Pillai Nadia, Dusheiko Mark, Burnand Bernard, Pittet Valérie
Institute of Social and Preventive Medicine (IUMSP), Lausanne University Hospital, Lausanne, Switzerland.
Centre for Health Economics, University of York, York, United Kingdom.
PLoS One. 2017 Oct 3;12(10):e0185500. doi: 10.1371/journal.pone.0185500. eCollection 2017.
Inflammatory bowel disease (IBD) is a chronic disease placing a large health and economic burden on health systems worldwide. The treatment landscape is complex with multiple strategies to induce and maintain remission while avoiding long-term complications. The extent to which rising treatment costs, due to expensive biologic agents, are offset by improved outcomes and fewer hospitalisations and surgeries needs to be evaluated. This systematic review aimed to assess the cost-effectiveness of treatment strategies for IBD.
A systematic literature search was performed in March 2017 to identify economic evaluations of pharmacological and surgical interventions, for adults diagnosed with Crohn's disease (CD) or ulcerative colitis (UC). Costs and incremental cost-effectiveness ratios (ICERs) were adjusted to reflect 2015 purchasing power parity (PPP). Risk of bias assessments and a narrative synthesis of individual study findings are presented.
Forty-nine articles were included; 24 on CD and 25 on UC. Infliximab and adalimumab induction and maintenance treatments were cost-effective compared to standard care in patients with moderate or severe CD; however, in patients with conventional-drug refractory CD, fistulising CD and for maintenance of surgically-induced remission ICERs were above acceptable cost-effectiveness thresholds. In mild UC, induction of remission using high dose mesalazine was dominant compared to standard dose. In UC refractory to conventional treatments, infliximab and adalimumab induction and maintenance treatment were not cost-effective compared to standard care; however, ICERs for treatment with vedolizumab and surgery were favourable.
We found that, in general, while biologic agents helped improve outcomes, they incurred high costs and therefore were not cost-effective, particularly for use as maintenance therapy. The cost-effectiveness of biologic agents may improve as market prices fall and with the introduction of biosimilars. Future research should identify optimal treatment strategies reflecting routine clinical practice, incorporate indirect costs and evaluate lifetime costs and benefits.
炎症性肠病(IBD)是一种慢性疾病,给全球卫生系统带来了巨大的健康和经济负担。治疗方案复杂,有多种诱导和维持缓解同时避免长期并发症的策略。昂贵的生物制剂导致治疗成本上升,而改善的治疗效果、减少的住院和手术次数能在多大程度上抵消这些成本,仍有待评估。本系统评价旨在评估IBD治疗策略的成本效益。

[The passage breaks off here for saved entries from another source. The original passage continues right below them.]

Lemma buf_sync_cat i j s t w : buf i j (sync_trace s ++ t) w <-> buf i j t w.
Proof.
rewrite /buf sent_on_cat recv_on_cat sent_on_sync recv_on_sync -catA.
by split=> [/catI | ->].
Qed.

Lemma buf_sends i j s w : buf i j (sends s) w <-> w = filter (on_chan i j) s.
Proof. by rewrite /buf sent_on_sends recv_on_sends; split=> ->. Qed.

Lemma buf_rcons i j t x w w' : buf i j t w ->
  buf i j (rcons t x) w' <-> recv_on i j [:: x] ++ w' = w ++ sent_on i j [:: x].
Proof.
rewrite /buf -cats1 sent_on_cat recv_on_cat => ->; rewrite -!catA.
by split=> [/catI -> | ->].
Qed.

Lemma fifo_rcons t x :
  fifo (rcons t x) <-> fifo t /\ forall i j, exists w, buf i j (rcons t x) w.
Proof.
split=> [Hf | [Hf Hx] n i j].
  split=> [n i j | i j]; last by have := Hf (size t).+1 i j; rewrite take_oversize ?size_rcons.
  case: (leqP n (size t)) => Hn; first by have := Hf n i j; rewrite -cats1 takel_cat.
  by rewrite take_oversize ?(ltnW Hn) //; have := Hf (size t) i j; rewrite -cats1 take_size_cat.
case: (leqP n (size t)) => Hn; first by rewrite -cats1 takel_cat //; apply: Hf.
by rewrite take_oversize ?size_rcons //; apply: Hx.
Qed.

Lemma kfifo_rcons k t x : kfifo k t ->
  (forall i j, exists w, buf i j (rcons t x) w /\ size w <= k) -> kfifo k (rcons t x).
Proof.
move=> Hk Hx n i j; case: (leqP n (size t)) => Hn.
  by rewrite -cats1 takel_cat //; apply: Hk.
by rewrite take_oversize ?size_rcons //; apply: Hx.
Qed.

Lemma kfifo_nil k : kfifo k ([::] : seq act).
Proof. by move=> n i j; exists [::]. Qed.

Lemma kfifo_fifo k t : kfifo k t -> fifo t.
Proof. by move=> Hk n i j; have [w [Hw _]] := Hk n i j; exists w. Qed.

Lemma fifo_kfifo t : fifo t -> kfifo (size t).+1 t.
Proof.
move=> Hf n i j; have [w Hw] := Hf n i j; exists w; split=> //.
apply: leq_trans (leq_addl (size (recv_on i j (take n t))) _) _.
rewrite -size_cat -Hw; apply: leq_trans (size_sent_on _ _ _) _.
by rewrite size_take_min (leq_trans (geq_minr _ _) (leqnSn _)).
Qed.

Lemma kfifo_sync_cat k s t : 0 < k -> kfifo k t -> kfifo k (sync_trace s ++ t).
Proof.
move=> Hk Ht; elim: s => // a s IH [|[|n]] i j /=; first by exists [::].
  by exists (filter (on_chan i j) [:: a]); split=> //=; case: ifP.
have [w [Hw Hsz]] := IH n i j; exists w; split=> //.
exact: (buf_sync_cat i j [:: a] (take n (sync_trace s ++ t)) w).2.
Qed.

Lemma fifo_sync_cat s t : fifo t -> fifo (sync_trace s ++ t).
Proof. by move/fifo_kfifo/(kfifo_sync_cat s (ltn0Sn _))/kfifo_fifo. Qed.

Lemma fifo_sends s : fifo (sends s).
Proof.
move=> n i j; exists (filter (on_chan i j) (take n s)).
by rewrite /sends -map_take; apply/buf_sends.
Qed.

Lemma off_chan_nil i j t : all (fun x => ~~ on_chan i j (amsg x)) t ->
  sent_on i j t = [::] /\ recv_on i j t = [::].
Proof.
elim: t => // x t IH /andP[Hx /IH[Hs Hr]].
rewrite -cat1s sent_on_cat recv_on_cat Hs Hr.
by case: x Hx => b /= /negbTE Hb; rewrite ?sent_on_Snd ?recv_on_Rcv /= Hb.
Qed.

Lemma kfifo_snd a t : all (fun x => ~~ on_chan (src a) (dst a) (amsg x)) t ->
  kfifo 1 t -> kfifo 1 (Snd a :: t).
Proof.
move=> Hoff Hk [|n] i j /=; first by exists [::].
have [w [Hw Hsz]] := Hk n i j.
rewrite /buf -cat1s sent_on_cat recv_on_cat sent_on_Snd recv_on_Snd /=.
case Ha: (on_chan i j a) => /=; last by exists w.
have [Hs Hr] : sent_on i j (take n t) = [::] /\ recv_on i j (take n t) = [::].
  move: Ha; rewrite /on_chan => /andP[/eqP <- /eqP <-]; apply: off_chan_nil.
  by move: Hoff; rewrite -{1}(cat_take_drop n t) all_cat => /andP[].
by exists [:: a]; rewrite Hs Hr.
Qed.
Lemma nonloop_of_indep B a : B \subset ground M -> indep B -> a \in B -> is_nonloop M a.
Proof.
move=> BE indB aB; split; first exact: subsetP aB.
have /eqP -> : indep [set a] by apply: indepS BE indB; rewrite sub1set.
by rewrite cards1.
Qed.

Lemma indep_set1 a : is_nonloop M a -> indep [set a].
Proof.
case=> aE /eqP ra0; rewrite /indep cards1 eqn_leq lt0n ra0 andbT.
by rewrite -(cards1 a) rk_le_card ?sub1set.
Qed.

Lemma indep_setU1 C BC e : C \subset ground M -> basis_of C BC -> e \in ground M ->
  rk M C < rk M (e |: C) -> indep (e |: BC).
Proof.
move=> CE [BCC indBC rBC] eE ltC; have BCE := subset_trans BCC CE.
have eBCE : e |: BC \subset ground M by rewrite subUset sub1set eE BCE.
have sp : spans (e |: BC) C.
  by apply: (spansSl (subsetUr _ _) _ (spans_of_rk_eq BCC rBC)); rewrite subUset eBCE.
have {sp} : rk M (e |: BC) = rk M (e |: C) by rewrite -sp -setUA (setUidPr BCC).
move: indBC ltC; rewrite /indep -rBC => /eqP -> ltC rkeBC.
have := rk_le_card eBCE; have := cardsU1 e BC; lia.
Qed.

Lemma mdelete_matroid S : is_matroid (mdelete M S).
Proof.
have sub X : X \subset ground M :\: S -> X \subset ground M.
  by move=> XE; apply: subset_trans XE (subsetDl _ _).
split=> [X /sub | X Y XY /sub | X Y /sub XE /sub YE]; first exact: rk_le_card.
  exact: rk_mono.
by case: HM => _ _; apply.
Qed.

Lemma mcontract_matroid C : C \subset ground M -> is_matroid (mcontract M C).
Proof.
move=> CE; have UCE X : X \subset ground M :\: C -> X :|: C \subset ground M.
  by move=> XE; rewrite subUset CE andbT (subset_trans XE) ?subsetDl.
have geC X : X :|: C \subset ground M -> rk M C <= rk M (X :|: C).
  by move=> XCE; rewrite rk_mono ?subsetUr.
split=> /= [X /UCE/subUsetP[XE _] | X Y XY /UCE YCE | X Y /UCE XCE /UCE YCE].
- have := rk_submodS (sub0set (X :&: C)) XE CE; rewrite rk_set0.
  by have := rk_le_card XE; lia.
- by rewrite leq_sub2r // rk_mono // setSU.
- have := rk_submodS (subxx _) XCE YCE; rewrite -setUUl -setUIl.
  have := geC _ XCE; have := geC _ YCE.
  have := geC (X :&: Y) (subset_trans (setSU _ (subsetIl _ _)) XCE).
  by have := geC (X :|: Y); rewrite setUUl subUset XCE YCE => /(_ isT); lia.
Qed.
End Rank.

Section SetX.
Variables T1 T2 : finType.
Implicit Types (A B : {set T1}) (C D : {set T2}).
Lemma in_alpha_limit_of_frequent (X y : R -> R) x0 v : tends_minfty X x0 ->
  (forall T, exists t, t <= T /\ y t = v) -> in_alpha_limit X y x0 v.
Proof.
  intros HX Hv eps T Heps. destruct (HX eps Heps) as [TX HTX].
  destruct (Hv (Rmin T (TX - 1))) as [t [Ht Hyt]].
  assert (Rmin T (TX - 1) <= T) by apply Rmin_l.
  assert (Rmin T (TX - 1) <= TX - 1) by apply Rmin_r.
  exists t. repeat split; [lra | apply HTX; lra |].
  rewrite Hyt, Rminus_diag, Rabs_R0. exact Heps.
Qed.

(* Otherwise [y] takes one of the values [s + e], [s - e] at arbitrarily negative times,
   which puts a second point into the alpha-limit set. *)
Lemma tends_minfty_of_alpha_limit (X y : R -> R) x0 s :
  continuity y -> (forall t1 t2, t1 <= t2 -> X t1 <= X t2) -> (forall t, x0 <= X t) ->
  (forall px py, in_alpha_limit X y px py <-> px = x0 /\ py = s) ->
  tends_minfty X x0 /\ tends_minfty y s.
Proof.
  intros Hyc Hmon Hlow Hchar.
  assert (Hin : in_alpha_limit X y x0 s) by now apply Hchar.
  assert (HX : tends_minfty X x0).
  { intros e He. destruct (Hin e 0 He) as [t0 [_ [Ht0 _]]].
    exists t0. intros t Ht. apply Rabs_def2 in Ht0.
    specialize (Hmon t t0 ltac:(lra)). specialize (Hlow t). apply Rabs_def1; lra. }
  split; [exact HX|]. intros e He.
  destruct (classic (Rbar_locally m_infty (fun t => Rabs (y t - s) < e))) as [|Hfar];
    [assumption | exfalso].
  assert (Hcross : forall T, exists t, t <= T /\ (y t = s + e \/ y t = s - e)).
  { intros T. destruct (not_all_ex_not _ _ (fun H => Hfar (ex_intro _ T H))) as [t2 Ht2].
    apply imply_to_and in Ht2 as [Ht2T Hout].
    destruct (Hin e t2 He) as [t1 [Ht12 [_ Hin1]]].
    destruct (crosses_level y s e t1 t2 Hyc Ht12 Hin1 ltac:(lra)) as [t [Ht Hyt]].
    exists t. split; [lra | exact Hyt]. }
  destruct (frequently_or _ _ Hcross) as [Hv|Hv];
    apply (in_alpha_limit_of_frequent X y x0 _ HX), Hchar in Hv; lra.
Qed.

Lemma in_alpha_limit_reflect (X y : R -> R) x0 s :
  (forall px py, in_omega_limit X y px py <-> px = x0 /\ py = s) ->
  forall px py, in_alpha_limit (fun t => - X (- t)) (fun t => - y (- t)) px py <->
    px = - x0 /\ py = - s.
Proof.
  assert (Hopp : forall u v, Rabs (- u - v) = Rabs (u - - v)).
  { intros u v. rewrite <- Rabs_Ropp. f_equal. ring. }
  intros Hchar px py. split.
  - intros Hal. enough (- px = x0 /\ - py = s) by lra. apply Hchar.
    intros eps T Heps. destruct (Hal eps (- T) Heps) as [t [Ht [H1 H2]]].
    exists (- t). split; [lra|]. rewrite Hopp in H1, H2. auto.
  - intros [-> ->] eps T Heps.
    destruct (proj2 (Hchar x0 s) (conj eq_refl eq_refl) eps (- T) Heps) as [t [Ht [H1 H2]]].
    exists (- t). split; [lra|]. rewrite !Ropp_involutive, !Hopp, !Ropp_involutive. auto.
Qed.

Lemma nonpos_persists (D : R -> R) : continuity D ->
  (forall m, D m = 0 -> exists del, 0 < del /\ forall t, m <= t < m + del ->
     (forall u, m <= u <= t -> 0 <= D u) -> D t <= 0) ->
  forall t1 t2, t1 <= t2 -> D t1 <= 0 -> D t2 <= 0.
Proof.
  intros HDc Hloc t1 t2 Ht12 HD1.
  destruct (Rle_or_lt (D t2) 0) as [|HD2]; [assumption | exfalso].
  (* [m] is the last time in [t1, t2] where [D <= 0] *)
  destruct (completeness (fun t => t1 <= t <= t2 /\ D t <= 0)) as [m [Hub Hlub]].
  { exists t2. intros t [Ht _]. lra. }
  { exists t1. split; [lra | exact HD1]. }
  assert (Hm1 : t1 <= m) by (apply Hub; split; [lra | exact HD1]).
  assert (Hm2 : m <= t2) by (apply Hlub; intros t [Ht _]; lra).
  assert (Hafter : forall t, m < t <= t2 -> 0 < D t).
  { intros t Ht. apply Rnot_le_lt. intros Hle.
    assert (t <= m) by (apply Hub; split; [lra | exact Hle]). lra. }
  assert (HDm_nonpos : D m <= 0).
  { apply Rnot_lt_le. intros Hpos.
    destruct (continuity_pt_ball D m (HDc m) (D m) Hpos) as [del [Hdel Hnear]].
    assert (m <= m - del / 2); [|lra].
    apply Hlub. intros t [Ht HDt]. apply Rnot_lt_le. intros Hlt.
    assert (t <= m) by (apply Hub; split; [exact Ht | exact HDt]).
    specialize (Hnear t ltac:(apply Rabs_def1; lra)). apply Rabs_def2 in Hnear. lra. }
  assert (Hmt2 : m < t2) by (destruct (Req_dec m t2); [subst; lra | lra]).
  assert (HDm : D m = 0).
  { apply Rle_antisym; [exact HDm_nonpos|]. apply Rnot_lt_le. intros Hneg.
    destruct (continuity_pt_ball D m (HDc m) (- D m) ltac:(lra)) as [del [Hdel Hnear]].
    set (t := Rmin (m + del / 2) t2).
    assert (m < t <= t2 /\ t <= m + del / 2) as Ht
      by (unfold t; repeat split; [apply Rmin_glb_lt; lra | apply Rmin_r | apply Rmin_l]).
    specialize (Hnear t ltac:(apply Rabs_def1; lra)). apply Rabs_def2 in Hnear.
    specialize (Hafter t ltac:(lra)). lra. }
  destruct (Hloc m HDm) as [del [Hdel Hstay]].
  set (t := Rmin (m + del / 2) t2).
  assert (m < t <= t2 /\ t <= m + del / 2) as Ht
    by (unfold t; repeat split; [apply Rmin_glb_lt; lra | apply Rmin_r | apply Rmin_l]).
  assert (D t <= 0).
  { apply Hstay; [lra|]. intros u Hu.
    destruct (Req_dec u m) as [->|Hum]; [lra|]. left. apply Hafter. lra. }
  specialize (Hafter t ltac:(lra)). lra.
Qed.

2017年3月进行了系统的文献检索,以确定针对诊断为克罗恩病(CD)或溃疡性结肠炎(UC)的成人患者的药物和手术干预的经济学评价。成本和增量成本效益比(ICER)经调整以反映2015年购买力平价(PPP)。呈现了偏倚风险评估和对各个研究结果的叙述性综合分析。
纳入49篇文章;24篇关于CD,25篇关于UC。在中度或重度CD患者中,英夫利昔单抗和阿达木单抗的诱导和维持治疗与标准治疗相比具有成本效益;然而,在传统药物难治性CD患者、瘘管性CD患者以及维持手术诱导缓解方面,ICER高于可接受的成本效益阈值。在轻度UC中,与标准剂量相比,使用高剂量美沙拉嗪诱导缓解占主导地位。在对传统治疗难治的UC中,与标准治疗相比,英夫利昔单抗和阿达木单抗的诱导和维持治疗不具有成本效益;然而,维多珠单抗治疗和手术的ICER是有利的。
我们发现,总体而言,虽然生物制剂有助于改善治疗效果,但它们成本高昂,因此不具有成本效益,特别是用作维持治疗时。随着市场价格下降和生物类似药的推出,生物制剂的成本效益可能会提高。未来的研究应确定反映常规临床实践的最佳治疗策略,纳入间接成本并评估终身成本和效益。